_INPUT MATERIAL_
Lemma U_outer_zero t e :
  (e = 1 \/ e = -1) -> 0 < t0 - t -> sqrt (t0 - t) <= 1 -> K * sqrt (t0 - t) <= 1 ->
  4 * sqrt (t0 - t) < rho ->
  exists z, U t z = 0 /\ Rabs (z - xi0 - e * sqrt (6 * (t0 - t))) <= K * (t0 - t).
Proof.
  intros He Hs Hs1 HK Hrs. destruct (sqrt_sqr_pos _ Hs) as [Hsg Hsg2].
  destruct (sqrt_6_bounds (t0 - t) ltac:(lra)) as [Hr2 Hr].
  set (sg := sqrt (t0 - t)) in *. set (r := sqrt (6 * (t0 - t))) in *.
  pose proof K_pos. set (k := K * (t0 - t)).
  assert (Hk : 0 <= k <= sg) by (unfold k; rewrite <- Hsg2; split; nra).
  assert (HX : forall k', Rabs k' <= k -> Rabs (e * r + k') <= 4 * sg).
  { intros k' Hk'. apply Rabs_le_between in Hk'. apply Rabs_le_between.
    destruct He as [-> | ->]; lra. }
  pose proof (U_cubic_before_fold t (e * r + k) Hs Hs1 Hrs
                (HX k ltac:(rewrite Rabs_pos_eq; lra))) as Vp.
  pose proof (U_cubic_before_fold t (e * r + - k) Hs Hs1 Hrs
                (HX (- k) ltac:(rewrite Rabs_Ropp, Rabs_pos_eq; lra))) as Vm.
  apply Rabs_le_between in Vp, Vm.
  destruct (cubic_sign_near_root a e r (t0 - t) k a_pos He ltac:(lra) Hr2 (proj1 Hr) Hk) as [Wp Wm].
  assert (HaK : a * k * (t0 - t) / 2 = (Rabs b + 341 * M + 1) * (t0 - t) ^ 2)
    by (unfold k, K; field; lra).
  assert (0 < (t0 - t) ^ 2) by (apply pow_lt; lra).
  replace (e * r + - k) with (e * r - k) in Vm by ring.
  destruct (IVT_cor (U t) (xi0 + (e * r - k)) (xi0 + (e * r + k))) as [z [Hz Ez]];
    [apply U_continuous; rewrite Rabs_minus_sym, Rabs_pos_eq; nra | lra | nra |].
  exists z. split; [exact Ez|]. apply Rabs_le_between. fold k. lra.
Qed.

Lemma Ux_quadratic_before_fold t X :
  0 < t0 - t -> sqrt (t0 - t) <= 1 -> 4 * sqrt (t0 - t) < rho -> Rabs X <= 4 * sqrt (t0 - t) ->
  Rabs (Ux t (xi0 + X) - a * (X ^ 2 - 2 * (t0 - t)) / 2) <= 85 * M * ((t0 - t) * sqrt (t0 - t)).
Proof.
  intros Hs Hs1 Hrs HX. destruct (sqrt_sqr_pos _ Hs) as [Hsg Hsg2].
  set (sg := sqrt (t0 - t)) in *. rewrite <- Hsg2.
  assert (Ht : Rabs (t - t0) = sg ^ 2) by (rewrite Rabs_minus_sym, Rabs_pos_eq; lra).
  pose proof (Ux_expansion t (xi0 + X) ltac:(nra)
                ltac:(replace (xi0 + X - xi0) with X by ring; lra))
    as HU.
  replace (xi0 + X - xi0) with X in HU by ring. rewrite Ht in HU.
  replace (a * (t - t0) + a * X ^ 2 / 2) with (a * (X ^ 2 - 2 * sg ^ 2) / 2) in HU
    by (replace (t - t0) with (- sg ^ 2) by lra; field).
  set (Y := Rabs X) in *. assert (0 <= Y) by apply Rabs_pos.
  assert (Herr : (sg ^ 2) ^ 2 + sg ^ 2 * Y + sg ^ 2 * Y ^ 2 + Y ^ 3 <= 85 * (sg ^ 2 * sg)).
  { assert (Y ^ 2 <= 16 * sg ^ 2) by nra. assert (Y ^ 3 <= 64 * sg ^ 3) by nra.
    assert (sg ^ 4 <= sg ^ 3) by nra. simpl in *. nra. }
  assert (M * ((sg ^ 2) ^ 2 + sg ^ 2 * Y + sg ^ 2 * Y ^ 2 + Y ^ 3) <= M * (85 * (sg ^ 2 * sg)))
    by (apply Rmult_le_compat_l; lra).
  lra.
Qed.

Lemma Ux_outer_zero t e z :
  (e = 1 \/ e = -1) -> 0 < t0 - t -> sqrt (t0 - t) <= 1 -> K * sqrt (t0 - t) <= 1 ->
  4 * sqrt (t0 - t) < rho ->
  Rabs (z - xi0 - e * sqrt (6 * (t0 - t))) <= K * (t0 - t) ->
  Rabs (Ux t z - 2 * a * (t0 - t)) <= (85 * M + 4 * a * K) * ((t0 - t) * sqrt (t0 - t)).
Proof.
  intros He Hs Hs1 HK Hrs Hz. destruct (sqrt_sqr_pos _ Hs) as [Hsg Hsg2].
  destruct (sqrt_6_bounds (t0 - t) ltac:(lra)) as [Hr2 Hr].
  set (sg := sqrt (t0 - t)) in *. set (r := sqrt (6 * (t0 - t))) in *.
  pose proof K_pos. set (k := z - xi0 - e * r) in *.
  assert (Hk : Rabs k <= sg) by (rewrite <- Hsg2 in Hz; nra).
  assert (Hek : Rabs (2 * e * r + k) <= 7 * sg).
  { apply Rabs_le_between in Hk. apply Rabs_le_between. destruct He as [-> | ->]; lra. }
  assert (HX : Rabs (z - xi0) <= 4 * sg).
  { replace (z - xi0) with (e * r + k) by (unfold k; ring).
    apply Rabs_le_between in Hk. apply Rabs_le_between. destruct He as [-> | ->]; lra. }
  pose proof (Ux_quadratic_before_fold t (z - xi0) Hs Hs1 Hrs HX) as HU.
  replace (xi0 + (z - xi0)) with z in HU by ring. fold sg in HU.
  replace (a * ((z - xi0) ^ 2 - 2 * (t0 - t)) / 2)
    with (2 * a * (t0 - t) + a / 2 * (k * (2 * e * r + k))) in HU
    by (replace (z - xi0) with (e * r + k) by (unfold k; ring);
        replace (t0 - t) with (r ^ 2 / 6) by lra; destruct He as [-> | ->]; field).
  assert (Hm : Rabs (a / 2 * (k * (2 * e * r + k))) <= 4 * a * K * ((t0 - t) * sg)).
  { rewrite Rabs_mult, Rabs_mult, (Rabs_pos_eq (a / 2)) by lra.
    assert (Rabs k * Rabs (2 * e * r + k) <= K * (t0 - t) * (7 * sg))
      by (apply Rmult_le_compat; auto using Rabs_pos).
    assert (0 <= a * K * ((t0 - t) * sg)) by (apply Rmult_le_pos; [nra | apply Rmult_le_pos; lra]).
    nra. }
  pose proof (Rabs_triang (Ux t z - (2 * a * (t0 - t) + a / 2 * (k * (2 * e * r + k))))
                          (a / 2 * (k * (2 * e * r + k)))).
  replace (Ux t z - (2 * a * (t0 - t) + a / 2 * (k * (2 * e * r + k)))
           + a / 2 * (k * (2 * e * r + k)))
    with (Ux t z - 2 * a * (t0 - t)) in * by ring.
  lra.
Qed.

Lemma middle_zero_location t z :
  L * Rabs (t - t0) <= 1 -> Rabs (z - xi0 - b / (2 * a) * (t0 - t)) <= L * (t - t0) ^ 2 ->
  Rabs (z - xi0) <= P * Rabs (t - t0).
Proof.
  intros HL Hz. rewrite <- (pow2_abs (t - t0)) in Hz. set (q := Rabs (t - t0)) in *.
  assert (0 <= q) by apply Rabs_pos.
  assert (Hc : Rabs (b / (2 * a) * (t0 - t)) = Rabs b / (2 * a) * q).
  { unfold q. rewrite Rabs_mult, Rabs_div, (Rabs_pos_eq (2 * a)), (Rabs_minus_sym t0 t); lra. }
  replace (z - xi0) with (b / (2 * a) * (t0 - t) + (z - xi0 - b / (2 * a) * (t0 - t))) by ring.
  eapply Rle_trans; [apply Rabs_triang|]. rewrite Hc. unfold P. nra.
Qed.

Lemma U_near_middle_branch t X :
  Rabs (t - t0) <= 1 -> Rabs (t - t0) < rho -> P * Rabs (t - t0) < rho ->
  Rabs X <= P * Rabs (t - t0) ->
  Rabs (U t (xi0 + X) - (b * (t - t0) ^ 2 / 2 + a * (t - t0) * X))
    <= (a * P ^ 3 + M * (1 + P + P ^ 2 + P ^ 3 + P ^ 4)) * Rabs (t - t0) ^ 3.
Proof.
  intros Hq1 Hqr HPq HX. pose proof P_ge_1.
  pose proof (U_expansion t (xi0 + X) Hqr ltac:(replace (xi0 + X - xi0) with X by ring; lra)) as HU.
  replace (xi0 + X - xi0) with X in HU by ring.
  set (q := Rabs (t - t0)) in *. set (Y := Rabs X) in *.
  assert (0 <= q) by apply Rabs_pos. assert (0 <= Y) by apply Rabs_pos.
  assert (Herr : q ^ 3 + q ^ 2 * Y + q * Y ^ 2 + q * Y ^ 3 + Y ^ 4
                 <= (1 + P + P ^ 2 + P ^ 3 + P ^ 4) * q ^ 3).
  { assert (Y ^ 2 <= P ^ 2 * q ^ 2) by nra. assert (Y ^ 3 <= P ^ 3 * q ^ 3) by nra.
    assert (Y ^ 4 <= P ^ 4 * q ^ 4) by nra.
    assert (0 <= q ^ 3) by (apply pow_le; lra).
    assert (q ^ 4 <= q ^ 3) by (replace (q ^ 4) with (q ^ 3 * q) by ring; nra).
    assert (q ^ 2 * Y <= P * q ^ 3).
    { replace (P * q ^ 3) with (q ^ 2 * (P * q)) by ring. apply Rmult_le_compat_l; nra. }
    assert (q * Y ^ 2 <= P ^ 2 * q ^ 3) by nra.
    assert (0 <= Y ^ 3) by (apply pow_le; lra).
    assert (q * Y ^ 3 <= Y ^ 3) by nra.
    assert (P ^ 4 * q ^ 4 <= P ^ 4 * q ^ 3) by (apply Rmult_le_compat_l; [apply pow_le|]; lra).
    lra. }
  assert (Hcube : Rabs (a * X ^ 3 / 6) <= a * P ^ 3 * q ^ 3).
  { unfold Rdiv. rewrite !Rabs_mult, Rabs_inv, (Rabs_pos_eq 6), (Rabs_pos_eq a), <- RPow_abs by lra.
    fold Y. assert (Y ^ 3 <= (P * q) ^ 3) by (apply pow_incr; lra).
    assert (0 <= Y ^ 3) by (apply pow_le; lra). rewrite Rpow_mult_distr in *. nra. }
  replace (U t (xi0 + X) - (b * (t - t0) ^ 2 / 2 + a * (t - t0) * X)) with
    ((U t (xi0 + X) - (b * (t - t0) ^ 2 / 2 + a * (t - t0) * X + a * X ^ 3 / 6)) + a * X ^ 3 / 6)
    by ring.
  eapply Rle_trans; [apply Rabs_triang|].
  assert (M * (q ^ 3 + q ^ 2 * Y + q * Y ^ 2 + q * Y ^ 3 + Y ^ 4)
          <= M * ((1 + P + P ^ 2 + P ^ 3 + P ^ 4) * q ^ 3)) by (apply Rmult_le_compat_l; lra).
  nra.
Qed.

Lemma U_middle_zero t :
  Rabs (t - t0) <= 1 -> Rabs (t - t0) < rho -> L * Rabs (t - t0) <= 1 ->
  P * Rabs (t - t0) < rho ->
  exists z, U t z = 0 /\ Rabs (z - xi0 - b / (2 * a) * (t0 - t)) <= L * (t - t0) ^ 2.
Proof.
  intros Hq1 Hqr HL HPq.
  set (E2 := a * P ^ 3 + M * (1 + P + P ^ 2 + P ^ 3 + P ^ 4)).
  set (Xs := b / (2 * a) * (t0 - t)). set (h := L * (t - t0) ^ 2).
  assert (HE2 : 0 <= E2).
  { pose proof P_ge_1. unfold E2.
    assert (0 <= P ^ 2) by nra. assert (0 <= P ^ 3) by nra. assert (0 <= P ^ 4) by nra. nra. }
  assert (Hh : 0 <= h).
  { unfold h, L. fold E2. apply Rmult_le_pos; [apply Rdiv_le_0_compat; lra | apply pow2_ge_0]. }
  assert (HA : Rabs (a * (t - t0) * h) = (E2 + 1) * Rabs (t - t0) ^ 3).
  { rewrite Rabs_mult, Rabs_mult, (Rabs_pos_eq a), (Rabs_pos_eq h) by lra.
    unfold h, L. fold E2. rewrite <- (pow2_abs (t - t0)). field. lra. }
  assert (Hval : forall sg, (sg = 1 \/ sg = -1) ->
    Rabs (U t (xi0 + (Xs + sg * h)) - sg * (a * (t - t0) * h)) <= E2 * Rabs (t - t0) ^ 3).
  { intros sg Hsg.
    assert (Hn : Rabs (xi0 + (Xs + sg * h) - xi0) <= P * Rabs (t - t0)).
    { apply middle_zero_location; auto. fold Xs h.
      replace (xi0 + (Xs + sg * h) - xi0 - Xs) with (sg * h) by ring.
      apply Rabs_le_between. destruct Hsg as [-> | ->]; lra. }
    replace (xi0 + (Xs + sg * h) - xi0) with (Xs + sg * h) in Hn by ring.
    pose proof (U_near_middle_branch t (Xs + sg * h) Hq1 Hqr HPq Hn) as HU.
    replace (b * (t - t0) ^ 2 / 2 + a * (t - t0) * (Xs + sg * h)) with (sg * (a * (t - t0) * h))
      in HU by (unfold Xs; field; lra).
    exact HU. }
  pose proof (Hval 1 (or_introl eq_refl)) as Vp. pose proof (Hval (-1) (or_intror eq_refl)) as Vm.
  set (A := a * (t - t0) * h) in *.
  assert (0 <= Rabs (t - t0) ^ 3) by (apply pow_le, Rabs_pos).
  assert (Hsign : U t (xi0 + (Xs + -1 * h)) * U t (xi0 + (Xs + 1 * h)) <= 0).
  { apply Rabs_le_between in Vp, Vm. pose proof (Rabs_pos A).
    destruct (Rle_dec 0 A); [rewrite Rabs_pos_eq in HA | rewrite Rabs_left in HA]; nra. }
  destruct (IVT_cor (U t) (xi0 + (Xs + -1 * h)) (xi0 + (Xs + 1 * h)) (U_continuous t Hqr))
    as [z [Hz Ez]]; [lra | exact Hsign |].
  exists z. split; [exact Ez|]. apply Rabs_le_between. fold Xs h. lra.
Qed.

Lemma Ux_middle_zero t z :
  Rabs (t - t0) <= 1 -> Rabs (t - t0) < rho -> P * Rabs (t - t0) < rho ->
  Rabs (z - xi0) <= P * Rabs (t - t0) ->
  Rabs (Ux t z - a * (t - t0)) <= (a * P ^ 2 / 2 + M * (1 + P + P ^ 2 + P ^ 3)) * (t0 - t) ^ 2.
Proof.
  intros Hq1 Hqr HPq Hz. pose proof P_ge_1.
  pose proof (Ux_expansion t z Hqr ltac:(lra)) as HU.
  rewrite <- (pow2_abs (z - xi0)) in HU. rewrite <- (pow2_abs (t0 - t)), (Rabs_minus_sym t0 t).
  set (q := Rabs (t - t0)) in *. set (Y := Rabs (z - xi0)) in *.
  assert (0 <= q) by apply Rabs_pos. assert (0 <= Y) by apply Rabs_pos.
  assert (Y ^ 2 <= P ^ 2 * q ^ 2) by nra. assert (q * Y <= P * q ^ 2) by nra.
  assert (q * Y ^ 2 <= P ^ 2 * q ^ 2) by nra. assert (Y ^ 3 <= P ^ 3 * q ^ 2) by nra.
  assert (M * (q ^ 2 + q * Y + q * Y ^ 2 + Y ^ 3) <= M * ((1 + P + P ^ 2 + P ^ 3) * q ^ 2))
    by (apply Rmult_le_compat_l; lra).
  apply Rabs_le_between in HU. apply Rabs_le_between. nra.
Qed.

Let eps := Rmin rho (a / (8 * (M + 1))).

Let small (q : R) : Prop :=
  sqrt q <= 1 /\ K * sqrt q <= 1 /\ P * sqrt q < 1 /\ L * sqrt q <= 1 /\ 8 * sqrt q < eps.

Lemma eps_pos : 0 < eps.
Proof. apply Rmin_pos; [lra | apply Rdiv_lt_0_compat; lra]. Qed.

Lemma eps_le_rho : eps <= rho.
Proof. apply Rmin_l. Qed.

Lemma eps_le_a : eps * (8 * (M + 1)) <= a.
Proof.
  assert (H : eps <= a / (8 * (M + 1))) by apply Rmin_r.
  apply (Rmult_le_compat_r (8 * (M + 1))) in H; [|lra].
  unfold Rdiv in H. rewrite Rmult_assoc, Rinv_l in H; lra.
Qed.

_HOW TO COMPLETE THIS TASK_
Begin at the line that has "assert (0 <= Y ^ 3) by (apply pow_le; lra). rewrite" in the entries above; stop after the line that has "assert (Hn : Rabs". Transcribe exactly those lines and no others.

_WRITTEN REPLY_
    assert (0 <= Y ^ 3) by (apply pow_le; lra). rewrite Rpow_mult_distr in *. nra. }
  replace (U t (xi0 + X) - (b * (t - t0) ^ 2 / 2 + a * (t - t0) * X)) with
    ((U t (xi0 + X) - (b * (t - t0) ^ 2 / 2 + a * (t - t0) * X + a * X ^ 3 / 6)) + a * X ^ 3 / 6)
    by ring.
  eapply Rle_trans; [apply Rabs_triang|].
  assert (M * (q ^ 3 + q ^ 2 * Y + q * Y ^ 2 + q * Y ^ 3 + Y ^ 4)
          <= M * ((1 + P + P ^ 2 + P ^ 3 + P ^ 4) * q ^ 3)) by (apply Rmult_le_compat_l; lra).
  nra.
Qed.

Lemma U_middle_zero t :
  Rabs (t - t0) <= 1 -> Rabs (t - t0) < rho -> L * Rabs (t - t0) <= 1 ->
  P * Rabs (t - t0) < rho ->
  exists z, U t z = 0 /\ Rabs (z - xi0 - b / (2 * a) * (t0 - t)) <= L * (t - t0) ^ 2.
Proof.
  intros Hq1 Hqr HL HPq.
  set (E2 := a * P ^ 3 + M * (1 + P + P ^ 2 + P ^ 3 + P ^ 4)).
  set (Xs := b / (2 * a) * (t0 - t)). set (h := L * (t - t0) ^ 2).
  assert (HE2 : 0 <= E2).
  { pose proof P_ge_1. unfold E2.
    assert (0 <= P ^ 2) by nra. assert (0 <= P ^ 3) by nra. assert (0 <= P ^ 4) by nra. nra. }
  assert (Hh : 0 <= h).
  { unfold h, L. fold E2. apply Rmult_le_pos; [apply Rdiv_le_0_compat; lra | apply pow2_ge_0]. }
  assert (HA : Rabs (a * (t - t0) * h) = (E2 + 1) * Rabs (t - t0) ^ 3).
  { rewrite Rabs_mult, Rabs_mult, (Rabs_pos_eq a), (Rabs_pos_eq h) by lra.
    unfold h, L. fold E2. rewrite <- (pow2_abs (t - t0)). field. lra. }
  assert (Hval : forall sg, (sg = 1 \/ sg = -1) ->
    Rabs (U t (xi0 + (Xs + sg * h)) - sg * (a * (t - t0) * h)) <= E2 * Rabs (t - t0) ^ 3).
  { intros sg Hsg.
    assert (Hn : Rabs (xi0 + (Xs + sg * h) - xi0) <= P * Rabs (t - t0)).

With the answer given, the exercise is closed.